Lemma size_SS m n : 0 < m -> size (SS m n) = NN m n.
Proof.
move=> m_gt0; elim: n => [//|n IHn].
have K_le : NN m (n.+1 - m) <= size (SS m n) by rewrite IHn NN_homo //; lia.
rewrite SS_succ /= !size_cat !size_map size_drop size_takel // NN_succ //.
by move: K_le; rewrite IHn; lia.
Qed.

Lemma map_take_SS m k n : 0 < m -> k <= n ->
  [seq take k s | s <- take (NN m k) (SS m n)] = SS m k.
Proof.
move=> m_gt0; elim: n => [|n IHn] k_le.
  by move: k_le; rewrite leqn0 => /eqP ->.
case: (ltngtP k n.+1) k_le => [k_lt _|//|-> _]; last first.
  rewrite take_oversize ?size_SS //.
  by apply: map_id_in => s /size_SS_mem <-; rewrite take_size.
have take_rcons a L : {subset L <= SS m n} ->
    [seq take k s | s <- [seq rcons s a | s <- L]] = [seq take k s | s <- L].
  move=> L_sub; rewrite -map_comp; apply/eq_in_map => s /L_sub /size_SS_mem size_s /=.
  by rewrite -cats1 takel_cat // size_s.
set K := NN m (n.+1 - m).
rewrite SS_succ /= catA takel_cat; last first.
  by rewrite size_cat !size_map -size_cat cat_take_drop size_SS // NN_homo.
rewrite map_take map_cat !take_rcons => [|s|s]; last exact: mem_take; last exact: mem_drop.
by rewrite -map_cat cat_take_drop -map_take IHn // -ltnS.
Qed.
----
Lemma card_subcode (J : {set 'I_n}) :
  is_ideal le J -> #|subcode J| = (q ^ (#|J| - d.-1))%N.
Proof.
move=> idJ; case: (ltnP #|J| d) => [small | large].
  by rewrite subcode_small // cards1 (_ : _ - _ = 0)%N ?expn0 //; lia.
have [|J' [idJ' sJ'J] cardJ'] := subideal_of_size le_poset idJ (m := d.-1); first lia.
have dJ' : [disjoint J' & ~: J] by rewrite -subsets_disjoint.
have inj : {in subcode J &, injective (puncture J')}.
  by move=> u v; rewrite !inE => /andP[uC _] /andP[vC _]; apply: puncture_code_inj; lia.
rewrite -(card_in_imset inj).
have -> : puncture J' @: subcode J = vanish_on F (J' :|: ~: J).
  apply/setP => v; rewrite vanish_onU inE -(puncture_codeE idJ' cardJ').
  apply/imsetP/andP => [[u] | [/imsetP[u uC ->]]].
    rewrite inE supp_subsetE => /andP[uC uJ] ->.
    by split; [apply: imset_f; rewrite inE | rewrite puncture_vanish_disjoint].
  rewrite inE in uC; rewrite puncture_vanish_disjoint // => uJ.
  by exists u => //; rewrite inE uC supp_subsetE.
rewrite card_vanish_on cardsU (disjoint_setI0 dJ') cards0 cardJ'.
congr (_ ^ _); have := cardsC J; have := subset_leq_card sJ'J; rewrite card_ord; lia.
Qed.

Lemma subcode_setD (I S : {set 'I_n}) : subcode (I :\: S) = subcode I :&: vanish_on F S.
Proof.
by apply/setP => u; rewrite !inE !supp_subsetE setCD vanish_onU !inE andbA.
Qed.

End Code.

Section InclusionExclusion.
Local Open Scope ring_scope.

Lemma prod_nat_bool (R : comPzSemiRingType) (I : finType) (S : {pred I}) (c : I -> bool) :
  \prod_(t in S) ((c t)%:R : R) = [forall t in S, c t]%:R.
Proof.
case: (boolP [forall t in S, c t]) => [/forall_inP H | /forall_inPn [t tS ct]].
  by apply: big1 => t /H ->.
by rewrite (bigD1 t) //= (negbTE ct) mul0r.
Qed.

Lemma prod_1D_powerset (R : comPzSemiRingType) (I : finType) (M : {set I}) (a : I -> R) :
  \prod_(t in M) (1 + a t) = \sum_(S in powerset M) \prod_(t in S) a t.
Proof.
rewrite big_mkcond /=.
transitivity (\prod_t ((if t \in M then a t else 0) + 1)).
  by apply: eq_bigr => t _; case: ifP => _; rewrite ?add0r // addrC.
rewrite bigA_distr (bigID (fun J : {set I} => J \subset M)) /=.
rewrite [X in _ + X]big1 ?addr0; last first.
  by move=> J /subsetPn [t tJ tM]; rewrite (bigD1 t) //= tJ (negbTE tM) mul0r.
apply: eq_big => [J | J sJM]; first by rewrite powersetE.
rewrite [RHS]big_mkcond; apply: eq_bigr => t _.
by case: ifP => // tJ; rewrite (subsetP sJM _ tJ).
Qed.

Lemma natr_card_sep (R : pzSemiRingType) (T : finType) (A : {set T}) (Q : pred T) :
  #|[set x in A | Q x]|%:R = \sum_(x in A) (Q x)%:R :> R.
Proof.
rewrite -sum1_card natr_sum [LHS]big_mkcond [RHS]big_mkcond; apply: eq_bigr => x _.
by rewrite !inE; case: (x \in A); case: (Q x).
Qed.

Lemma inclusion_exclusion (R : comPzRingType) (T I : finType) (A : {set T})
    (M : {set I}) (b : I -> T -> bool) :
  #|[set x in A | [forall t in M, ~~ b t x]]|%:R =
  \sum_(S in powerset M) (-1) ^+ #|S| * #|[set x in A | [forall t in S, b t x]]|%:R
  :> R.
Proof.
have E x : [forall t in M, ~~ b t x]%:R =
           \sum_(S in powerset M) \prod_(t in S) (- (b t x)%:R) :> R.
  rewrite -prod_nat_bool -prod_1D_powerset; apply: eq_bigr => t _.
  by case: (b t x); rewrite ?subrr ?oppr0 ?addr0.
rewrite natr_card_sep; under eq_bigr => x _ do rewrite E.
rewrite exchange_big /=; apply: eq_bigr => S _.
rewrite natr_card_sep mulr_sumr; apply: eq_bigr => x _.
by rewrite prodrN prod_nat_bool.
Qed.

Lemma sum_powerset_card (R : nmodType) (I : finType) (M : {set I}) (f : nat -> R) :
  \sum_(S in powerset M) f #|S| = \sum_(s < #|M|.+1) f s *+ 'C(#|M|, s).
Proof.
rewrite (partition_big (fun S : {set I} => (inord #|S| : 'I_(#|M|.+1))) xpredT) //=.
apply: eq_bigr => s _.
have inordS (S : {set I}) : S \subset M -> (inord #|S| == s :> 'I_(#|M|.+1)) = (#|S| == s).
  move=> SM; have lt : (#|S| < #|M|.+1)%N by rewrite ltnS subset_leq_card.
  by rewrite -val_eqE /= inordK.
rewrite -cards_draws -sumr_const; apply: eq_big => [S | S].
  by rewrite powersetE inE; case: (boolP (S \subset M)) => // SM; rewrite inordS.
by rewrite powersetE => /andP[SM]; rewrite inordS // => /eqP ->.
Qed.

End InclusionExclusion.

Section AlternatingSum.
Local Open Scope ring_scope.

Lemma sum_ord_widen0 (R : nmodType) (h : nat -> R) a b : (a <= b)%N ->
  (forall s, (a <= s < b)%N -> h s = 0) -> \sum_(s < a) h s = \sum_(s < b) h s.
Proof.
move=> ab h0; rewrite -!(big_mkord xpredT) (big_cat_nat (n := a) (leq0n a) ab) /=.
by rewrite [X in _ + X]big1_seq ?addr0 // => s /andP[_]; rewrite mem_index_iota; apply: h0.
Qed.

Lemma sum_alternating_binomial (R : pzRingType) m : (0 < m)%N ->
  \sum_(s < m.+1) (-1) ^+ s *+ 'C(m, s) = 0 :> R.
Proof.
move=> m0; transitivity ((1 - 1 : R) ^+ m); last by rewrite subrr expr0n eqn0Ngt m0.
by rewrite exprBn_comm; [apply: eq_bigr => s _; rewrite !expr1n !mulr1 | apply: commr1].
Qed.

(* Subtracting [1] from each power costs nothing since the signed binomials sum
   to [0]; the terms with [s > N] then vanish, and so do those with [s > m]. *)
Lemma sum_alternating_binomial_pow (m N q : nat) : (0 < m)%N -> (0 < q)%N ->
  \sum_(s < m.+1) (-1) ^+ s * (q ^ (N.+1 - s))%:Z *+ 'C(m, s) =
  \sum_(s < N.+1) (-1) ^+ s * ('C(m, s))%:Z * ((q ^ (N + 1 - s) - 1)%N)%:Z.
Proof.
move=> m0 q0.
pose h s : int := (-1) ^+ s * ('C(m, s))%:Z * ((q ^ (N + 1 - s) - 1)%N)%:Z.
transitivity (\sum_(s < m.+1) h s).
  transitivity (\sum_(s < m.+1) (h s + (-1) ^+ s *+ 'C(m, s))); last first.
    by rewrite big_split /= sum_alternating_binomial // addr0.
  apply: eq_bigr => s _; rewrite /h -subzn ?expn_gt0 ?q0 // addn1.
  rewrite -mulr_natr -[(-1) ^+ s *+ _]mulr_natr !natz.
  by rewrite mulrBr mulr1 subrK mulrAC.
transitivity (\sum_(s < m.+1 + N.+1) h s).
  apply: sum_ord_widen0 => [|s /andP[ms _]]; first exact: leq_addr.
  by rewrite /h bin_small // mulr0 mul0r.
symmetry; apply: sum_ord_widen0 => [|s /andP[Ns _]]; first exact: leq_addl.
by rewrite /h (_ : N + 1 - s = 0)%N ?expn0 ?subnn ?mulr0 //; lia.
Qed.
----
### WHAT THE EXERCISE ASKS
From the listing above, return the lines starting at the one with "#|[set x in A | [forall t in M, ~~" and ending at the one with "(b t x)%:R) :> R.", both kept, exactly as they appear and nothing more.

### WRITTEN RESPONSE
  #|[set x in A | [forall t in M, ~~ b t x]]|%:R =
  \sum_(S in powerset M) (-1) ^+ #|S| * #|[set x in A | [forall t in S, b t x]]|%:R
  :> R.
Proof.
have E x : [forall t in M, ~~ b t x]%:R =
           \sum_(S in powerset M) \prod_(t in S) (- (b t x)%:R) :> R.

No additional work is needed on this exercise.